S. 2159, a bill to repeal the Act entitled “An Act to confer jurisdiction on the State of North Dakota over offenses committed by or against Indians on the Devils Lake Indian Reservation”
Cost Estimate
As ordered reported by the Senate Committee on Indian Affairs on July 24, 2019
S. 2159 would repeal a law enacted in 1946 that gave the state of North Dakota jurisdiction over crimes committed by or against Indians on the Devils Lake Indian Reservation. Under current law, the Bureau of Indian Affairs (BIA) provides assistance to the tribe for law enforcement and detention services. Because enacting S. 2159 would not affect the amount of assistance the tribe is receiving from BIA, CBO estimates that implementing S. 2159 would have no cost to the federal government.
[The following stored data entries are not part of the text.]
(* Let $p$ be an odd prime and $\ell\geq 1$ an integer. Then for every $\tau\in\mathbb{H}$, $$\prod_{j=0}^{\ell}\ \prod_{\substack{0\leq v<p^j\\ \gcd(p^{\ell-j},v,p^j)=1}}\theta_3\Big(\frac{p^{\ell-j}\tau+2v}{p^j}\Big)=\theta_3^{\psi(p^\ell)}(\tau).$$
   Context: $\mathbb{H}=\{\tau\in\mathbb{C}:\Im(\tau)>0\}$. For $\tau\in\mathbb{H}$, $\theta_3(\tau)=1+2\sum_{\nu=1}^{\infty}e^{\pi i\nu^2\tau}$. For a positive integer $n$, $\psi(n)=n\prod_{p\mid n}(1+1/p)$, the product over primes dividing $n$; in particular $\psi(p^\ell)=p^\ell+p^{\ell-1}$. *)

From Stdlib Require Import Reals Lra List Arith ZArith Znumtheory ClassicalEpsilon.
Open Scope R_scope.

Definition Cplx : Type := (R * R)%type.
Definition Cre (z : Cplx) : R := fst z.
Definition Cim (z : Cplx) : R := snd z.
Definition C0 : Cplx := (0, 0).
Definition C1 : Cplx := (1, 0).
Definition Cadd (z w : Cplx) : Cplx := (fst z + fst w, snd z + snd w).
Definition Cmul (z w : Cplx) : Cplx :=
  (fst z * fst w - snd z * snd w, fst z * snd w + snd z * fst w).
Definition Cscal (r : R) (z : Cplx) : Cplx := (r * fst z, r * snd z).
Fixpoint Cpow (z : Cplx) (n : nat) : Cplx :=
  match n with O => C1 | S k => Cmul z (Cpow z k) end.
Definition Cprod_list (l : list Cplx) : Cplx := fold_right Cmul C1 l.

Definition Cexp (z : Cplx) : Cplx := (exp (fst z) * cos (snd z), exp (fst z) * sin (snd z)).

Definition Cmul_i (z : Cplx) : Cplx := (- snd z, fst z).

(* Value of a real series (sum_{n>=0} u n), chosen by classical choice;
   it is the genuine limit whenever the series converges. *)
Definition series_val (u : nat -> R) : R :=
  epsilon (inhabits 0) (fun l => infinite_sum u l).

(* theta_3(tau) = 1 + 2 sum_{nu>=1} exp(pi i nu^2 tau). *)
Definition theta_term (tau : Cplx) (nu : nat) : Cplx :=
  Cexp (Cscal (PI * INR (nu * nu)) (Cmul_i tau)).

Definition theta3 (tau : Cplx) : Cplx :=
  Cadd C1 (Cscal 2 (series_val (fun n => fst (theta_term tau (S n))),
                    series_val (fun n => snd (theta_term tau (S n))))).

Definition theta_arg (p l j v : nat) (tau : Cplx) : Cplx :=
  Cscal (/ INR (p ^ j))
        (Cadd (Cscal (INR (p ^ (l - j))) tau) (INR (2 * v), 0)).

Definition inner_prod (p l j : nat) (tau : Cplx) : Cplx :=
  Cprod_list
    (map (fun v => theta3 (theta_arg p l j v tau))
       (filter (fun v => Nat.eqb (Nat.gcd (Nat.gcd (p ^ (l - j)) v) (p ^ j)) 1)
          (seq 0 (p ^ j)))).

Definition outer_prod (p l : nat) (tau : Cplx) : Cplx :=
  Cprod_list (map (fun j => inner_prod p l j tau) (seq 0 (S l))).

(* Dedekind psi at a prime power: psi(p^l) = p^l + p^(l-1). *)
Definition psi_pp (p l : nat) : nat := (p ^ l + p ^ (l - 1))%nat.

(* The theta function is the limit of the finite Jacobi triple products
   [prod_(1 <= n <= N) (1 - q^(2n)) (1 + q^(2n-1))^2] in the nome [q = exp(pi i tau)]: expanding the product
   by the q-binomial theorem gives [sum_(|m| <= N) q^(m^2)] up to an error that is [O(N |q|^(2N-1))].
   This product form shows that [theta3] does not vanish on the upper half-plane and, since
   [prod_(w < p) (1 - (zeta^w y)) = 1 - y^p] for a primitive [p]-th root of unity [zeta], it yields
   the level-[p] identity [theta3(p s) prod_(w < p) theta3((s + 2w)/p) = theta3(s)^(p+1)] for odd [p].
   Applied to every [(s + 2u)/p^j] this gives [F(j+1) theta3(p s) = F(j)^p theta3(s)] for the full
   products [F(j) = prod_(v < p^j) theta3((s + 2v)/p^j)], hence a closed form for [F(j)] in terms of
   [theta3(s)] and [theta3(p s)].  For [0 < j < l] the coprimality condition only removes the terms
   with [p | v], which make up [F(j-1)] one level further up, and the whole product telescopes. *)
From Pilot Require Import Defs.
From Stdlib Require Import Reals Lra Lia List Arith ZArith Znumtheory Field ClassicalEpsilon FunctionalExtensionality.
From mathcomp Require all_boot all_order all_algebra Rstruct complex.
Open Scope R_scope.

(* [Reals] also exports a [C1]. *)
Notation C1 := Pilot.Defs.C1.
Notation C0 := Pilot.Defs.C0.

Definition Copp (z : Cplx) : Cplx := (- fst z, - snd z).
Definition Csub (z w : Cplx) : Cplx := Cadd z (Copp w).
Definition Cinv (z : Cplx) : Cplx :=
  (fst z / (fst z * fst z + snd z * snd z), - snd z / (fst z * fst z + snd z * snd z)).
Definition Cdiv (z w : Cplx) : Cplx := Cmul z (Cinv w).

Lemma C_ring_theory : ring_theory C0 C1 Cadd Cmul Csub Copp (@eq Cplx).
Proof.
  constructor; intros; unfold Cadd, Cmul, Csub, Copp, C0, C1;
    repeat match goal with z : Cplx |- _ => destruct z end; simpl; try reflexivity; f_equal; ring.
Qed.

Lemma C1_neq_C0 : C1 <> C0.
Proof. unfold C1, C0; intro H; injection H; lra. Qed.

Lemma C_field_theory : field_theory C0 C1 Cadd Cmul Csub Copp Cdiv Cinv (@eq Cplx).
Proof.
  constructor; [exact C_ring_theory | exact C1_neq_C0 | reflexivity |].
  intros [x y] H. unfold Cinv, Cmul, C1; simpl.
  assert (Hn : x * x + y * y <> 0).
  { intro E. apply H. unfold C0. assert (x = 0) by nra. assert (y = 0) by nra. subst; reflexivity. }
  f_equal; field; exact Hn.
Qed.

Add Field C_field : C_field_theory.

Lemma Cmul_cancel_l a b c : a <> C0 -> Cmul a b = Cmul a c -> b = c.
Proof. intros Ha E. transitivity (Cdiv (Cmul a b) a); [field; auto|]. rewrite E. field; auto. Qed.

Lemma Cmul_neq0 a b : a <> C0 -> b <> C0 -> Cmul a b <> C0.
Proof. intros Ha Hb E. apply Hb, (Cmul_cancel_l a); auto. rewrite E. field. Qed.

Lemma Cpow_add z m n : Cpow z (m + n) = Cmul (Cpow z m) (Cpow z n).
Proof. induction m; simpl; [field|]. rewrite IHm. field. Qed.

Lemma Cpow_mul z m n : Cpow z (m * n) = Cpow (Cpow z m) n.
Proof.
  induction n; simpl; [rewrite Nat.mul_0_r; reflexivity|].
  rewrite Nat.mul_succ_r, Cpow_add, IHn. field.
Qed.

Lemma Cpow_mult_distr a b n : Cpow (Cmul a b) n = Cmul (Cpow a n) (Cpow b n).
Proof. induction n; simpl; [field|]. rewrite IHn. field. Qed.

Lemma Cpow_1 z : Cpow z 1 = z.
Proof. simpl. field. Qed.

Lemma Cpow_C1 n : Cpow C1 n = C1.
Proof. induction n; simpl; [reflexivity|]. rewrite IHn. field. Qed.

Lemma Cpow_neq0 x n : x <> C0 -> Cpow x n <> C0.
Proof. intros H. induction n; simpl; [exact C1_neq_C0 | now apply Cmul_neq0]. Qed.

Lemma Copp_pow_odd y n : Nat.odd n = true -> Cpow (Copp y) n = Copp (Cpow y n).
Proof.
  intros H. apply Nat.odd_spec in H. destruct H as [m ->].
  induction m; [simpl; field|].
  replace (2 * S m + 1)%nat with (2 + (2 * m + 1))%nat by lia.
  rewrite (Cpow_add (Copp y)), IHm, (Cpow_add y 2). cbn [Cpow]. field.
Qed.

Lemma Cexp_add a b : Cexp (Cadd a b) = Cmul (Cexp a) (Cexp b).
Proof.
  destruct a as [x y], b as [u v]; unfold Cexp, Cadd, Cmul; simpl.
  rewrite exp_plus, cos_plus, sin_plus. f_equal; ring.
Qed.

Lemma Cexp_scal_nat z n : Cexp (Cscal (INR n) z) = Cpow (Cexp z) n.
Proof.
  induction n.
  - unfold Cexp, Cscal; simpl. rewrite !Rmult_0_l, exp_0, cos_0, sin_0.
    unfold C1; f_equal; ring.
  - simpl Cpow. rewrite <- IHn, <- Cexp_add. f_equal.
    unfold Cscal, Cadd; rewrite S_INR; simpl; f_equal; ring.
Qed.

Lemma Cexp_neq0 z : Cexp z <> C0.
Proof.
  destruct z as [x y]; unfold Cexp, C0; simpl; intro H; injection H; intros H1 H2.
  pose proof (exp_pos x). pose proof (sin2_cos2 y). unfold Rsqr in *.
  apply Rmult_integral in H1; apply Rmult_integral in H2. nra.
Qed.

Ltac sum_sq_nonneg := apply Rplus_le_le_0_compat; apply Rle_0_sqr.

Definition Cnorm (z : Cplx) : R := sqrt (fst z * fst z + snd z * snd z).

Lemma Cnorm_ge0 z : 0 <= Cnorm z.
Proof. apply sqrt_pos. Qed.

Lemma Cnorm_C0 : Cnorm C0 = 0.
Proof. unfold Cnorm, C0; simpl. rewrite Rmult_0_l, Rplus_0_l. apply sqrt_0. Qed.

Lemma Cnorm_C1 : Cnorm C1 = 1.
Proof. unfold Cnorm, C1; simpl. rewrite Rmult_1_l, Rmult_0_l, Rplus_0_r. apply sqrt_1. Qed.

Lemma Cnorm_mul a b : Cnorm (Cmul a b) = Cnorm a * Cnorm b.
Proof.
  destruct a as [x y], b as [u v]; unfold Cnorm, Cmul; simpl.
  rewrite <- sqrt_mult_alt by sum_sq_nonneg. f_equal; ring.
Qed.

Lemma Cnorm_pow z n : Cnorm (Cpow z n) = Cnorm z ^ n.
Proof. induction n; simpl; [apply Cnorm_C1|]. rewrite Cnorm_mul, IHn. reflexivity. Qed.

Lemma Cnorm_opp z : Cnorm (Copp z) = Cnorm z.
Proof. destruct z; unfold Cnorm, Copp; simpl; f_equal; ring. Qed.

Lemma Cnorm_triang a b : Cnorm (Cadd a b) <= Cnorm a + Cnorm b.
Proof.
  destruct a as [x y], b as [u v]; unfold Cnorm, Cadd; simpl.
  set (s1 := sqrt (x*x+y*y)). set (s2 := sqrt (u*u+v*v)).
  assert (H1 : s1 * s1 = x*x+y*y) by (apply sqrt_sqrt; sum_sq_nonneg).
  assert (H2 : s2 * s2 = u*u+v*v) by (apply sqrt_sqrt; sum_sq_nonneg).
  assert (P1 : 0 <= s1) by apply sqrt_pos. assert (P2 : 0 <= s2) by apply sqrt_pos.
  assert (Cauchy_Schwarz : x*u + y*v <= s1 * s2).
  { apply Rsqr_incr_0_var; [|nra]. unfold Rsqr.
    replace (s1 * s2 * (s1 * s2)) with ((s1 * s1) * (s2 * s2)) by ring. rewrite H1, H2.
    pose proof (Rle_0_sqr (x*v-y*u)) as Hq; unfold Rsqr in Hq; nra. }
  apply Rsqr_incr_0_var; [|lra]. unfold Rsqr. rewrite sqrt_sqrt by sum_sq_nonneg. nra.
Qed.

Lemma Cnorm_triang_sub a b : Cnorm (Csub a b) <= Cnorm a + Cnorm b.
Proof. unfold Csub. rewrite <- (Cnorm_opp b). apply Cnorm_triang. Qed.

Lemma Cnorm_triang_rev a b : Cnorm a - Cnorm b <= Cnorm (Csub a b).
Proof.
  pose proof (Cnorm_triang (Csub a b) b) as H.
  replace (Cadd (Csub a b) b) with a in H by field. lra.
Qed.

Lemma Rabs_fst_le_Cnorm z : Rabs (fst z) <= Cnorm z.
Proof.
  destruct z as [x y]; unfold Cnorm; simpl.
  rewrite <- sqrt_Rsqr_abs. apply sqrt_le_1_alt. unfold Rsqr; nra.
Qed.

Lemma Rabs_snd_le_Cnorm z : Rabs (snd z) <= Cnorm z.
Proof.
  destruct z as [x y]; unfold Cnorm; simpl.
  rewrite <- sqrt_Rsqr_abs. apply sqrt_le_1_alt. unfold Rsqr; nra.
Qed.

Lemma Cnorm_le_Rabs_sum z : Cnorm z <= Rabs (fst z) + Rabs (snd z).
Proof.
  destruct z as [x y]. replace (x, y) with (Cadd (x, 0) (0, y)) by (unfold Cadd; simpl; f_equal; ring).
  eapply Rle_trans; [apply Cnorm_triang|]. unfold Cnorm; simpl.
  replace (x*x+0*0) with (Rsqr x) by (unfold Rsqr; ring).
  replace (0*0+y*y) with (Rsqr y) by (unfold Rsqr; ring).
  rewrite !sqrt_Rsqr_abs. unfold Cadd; simpl. rewrite Rplus_0_r, Rplus_0_l. lra.
Qed.

Lemma Cnorm_Cexp z : Cnorm (Cexp z) = exp (fst z).
Proof.
  destruct z as [x y]; unfold Cnorm, Cexp; simpl.
  replace (exp x * cos y * (exp x * cos y) + exp x * sin y * (exp x * sin y))
    with (exp x * exp x) by (pose proof (sin2_cos2 y); unfold Rsqr in *; nra).
  apply sqrt_square. left; apply exp_pos.
Qed.

Fixpoint Csum_list (l : list Cplx) : Cplx :=
  match l with nil => C0 | x :: r => Cadd x (Csum_list r) end.

Lemma Cprod_app l1 l2 : Cprod_list (l1 ++ l2) = Cmul (Cprod_list l1) (Cprod_list l2).
Proof. induction l1; simpl; [field|]. rewrite IHl1. field. Qed.

Lemma Csum_app l1 l2 : Csum_list (l1 ++ l2) = Cadd (Csum_list l1) (Csum_list l2).
Proof. induction l1; simpl; [field|]. rewrite IHl1. field. Qed.

Lemma Cprod_map_ext {A} (f g : A -> Cplx) l :
  (forall x, In x l -> f x = g x) -> Cprod_list (map f l) = Cprod_list (map g l).
Proof. induction l; simpl; intros H; [reflexivity|]. rewrite H, IHl; auto. Qed.

Lemma Csum_map_ext {A} (f g : A -> Cplx) l :
  (forall x, In x l -> f x = g x) -> Csum_list (map f l) = Csum_list (map g l).
Proof. induction l; simpl; intros H; [reflexivity|]. rewrite H, IHl; auto. Qed.

Lemma Cprod_map_mul {A} (f g : A -> Cplx) l :
  Cprod_list (map (fun x => Cmul (f x) (g x)) l) =
  Cmul (Cprod_list (map f l)) (Cprod_list (map g l)).
Proof. induction l; simpl; [field|]. rewrite IHl. field. Qed.

Lemma Csum_map_add {A} (f g : A -> Cplx) l :
  Csum_list (map (fun x => Cadd (f x) (g x)) l) = Cadd (Csum_list (map f l)) (Csum_list (map g l)).
Proof. induction l; simpl; [field|]. rewrite IHl. field. Qed.

Lemma Csum_map_sub {A} (f g : A -> Cplx) l :
  Csum_list (map (fun a => Csub (f a) (g a)) l) = Csub (Csum_list (map f l)) (Csum_list (map g l)).
Proof. induction l; simpl; [field|]. rewrite IHl. field. Qed.

Lemma Csum_map_scal {A} c (f : A -> Cplx) l :
  Csum_list (map (fun x => Cmul c (f x)) l) = Cmul c (Csum_list (map f l)).
Proof. induction l; simpl; [field|]. rewrite IHl. field. Qed.

Lemma Cprod_map_pow {A} (f : A -> Cplx) l n :
  Cprod_list (map (fun x => Cpow (f x) n) l) = Cpow (Cprod_list (map f l)) n.
Proof.
  induction l; simpl; [rewrite Cpow_C1; reflexivity|].
  rewrite IHl, Cpow_mult_distr. reflexivity.
Qed.

Lemma Cprod_const {A} (c : Cplx) (l : list A) :
  Cprod_list (map (fun _ => c) l) = Cpow c (length l).
Proof. induction l; simpl; [reflexivity|]. rewrite IHl. reflexivity. Qed.

Lemma Cprod_swap {A B} (f : A -> B -> Cplx) la lb :
  Cprod_list (map (fun a => Cprod_list (map (fun b => f a b) lb)) la) =
  Cprod_list (map (fun b => Cprod_list (map (fun a => f a b) la)) lb).
Proof.
  induction la; simpl.
  - induction lb; simpl; [reflexivity|]. rewrite <- IHlb. field.
  - rewrite IHla, <- Cprod_map_mul. reflexivity.
Qed.

Lemma Cprod_neq0 l : (forall z, In z l -> z <> C0) -> Cprod_list l <> C0.
Proof.
  induction l; simpl; intros H; [exact C1_neq_C0|].
  apply Cmul_neq0; auto.
Qed.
The bill also would prohibit the state of North Dakota from exercising jurisdiction over crimes committed by or against Indians on the Devil’s Lake Indian Reservation. That prohibition would be a mandate as defined in the Unfunded Mandates Reform Act (UMRA). CBO estimates that the cost of the mandate, in the form of forgone monetary penalties, would be minimal and would not exceed the threshold established in UMRA ($82 million in 2019, adjusted annually for inflation).
S. 2159 contains no private-sector mandates as defined in UMRA.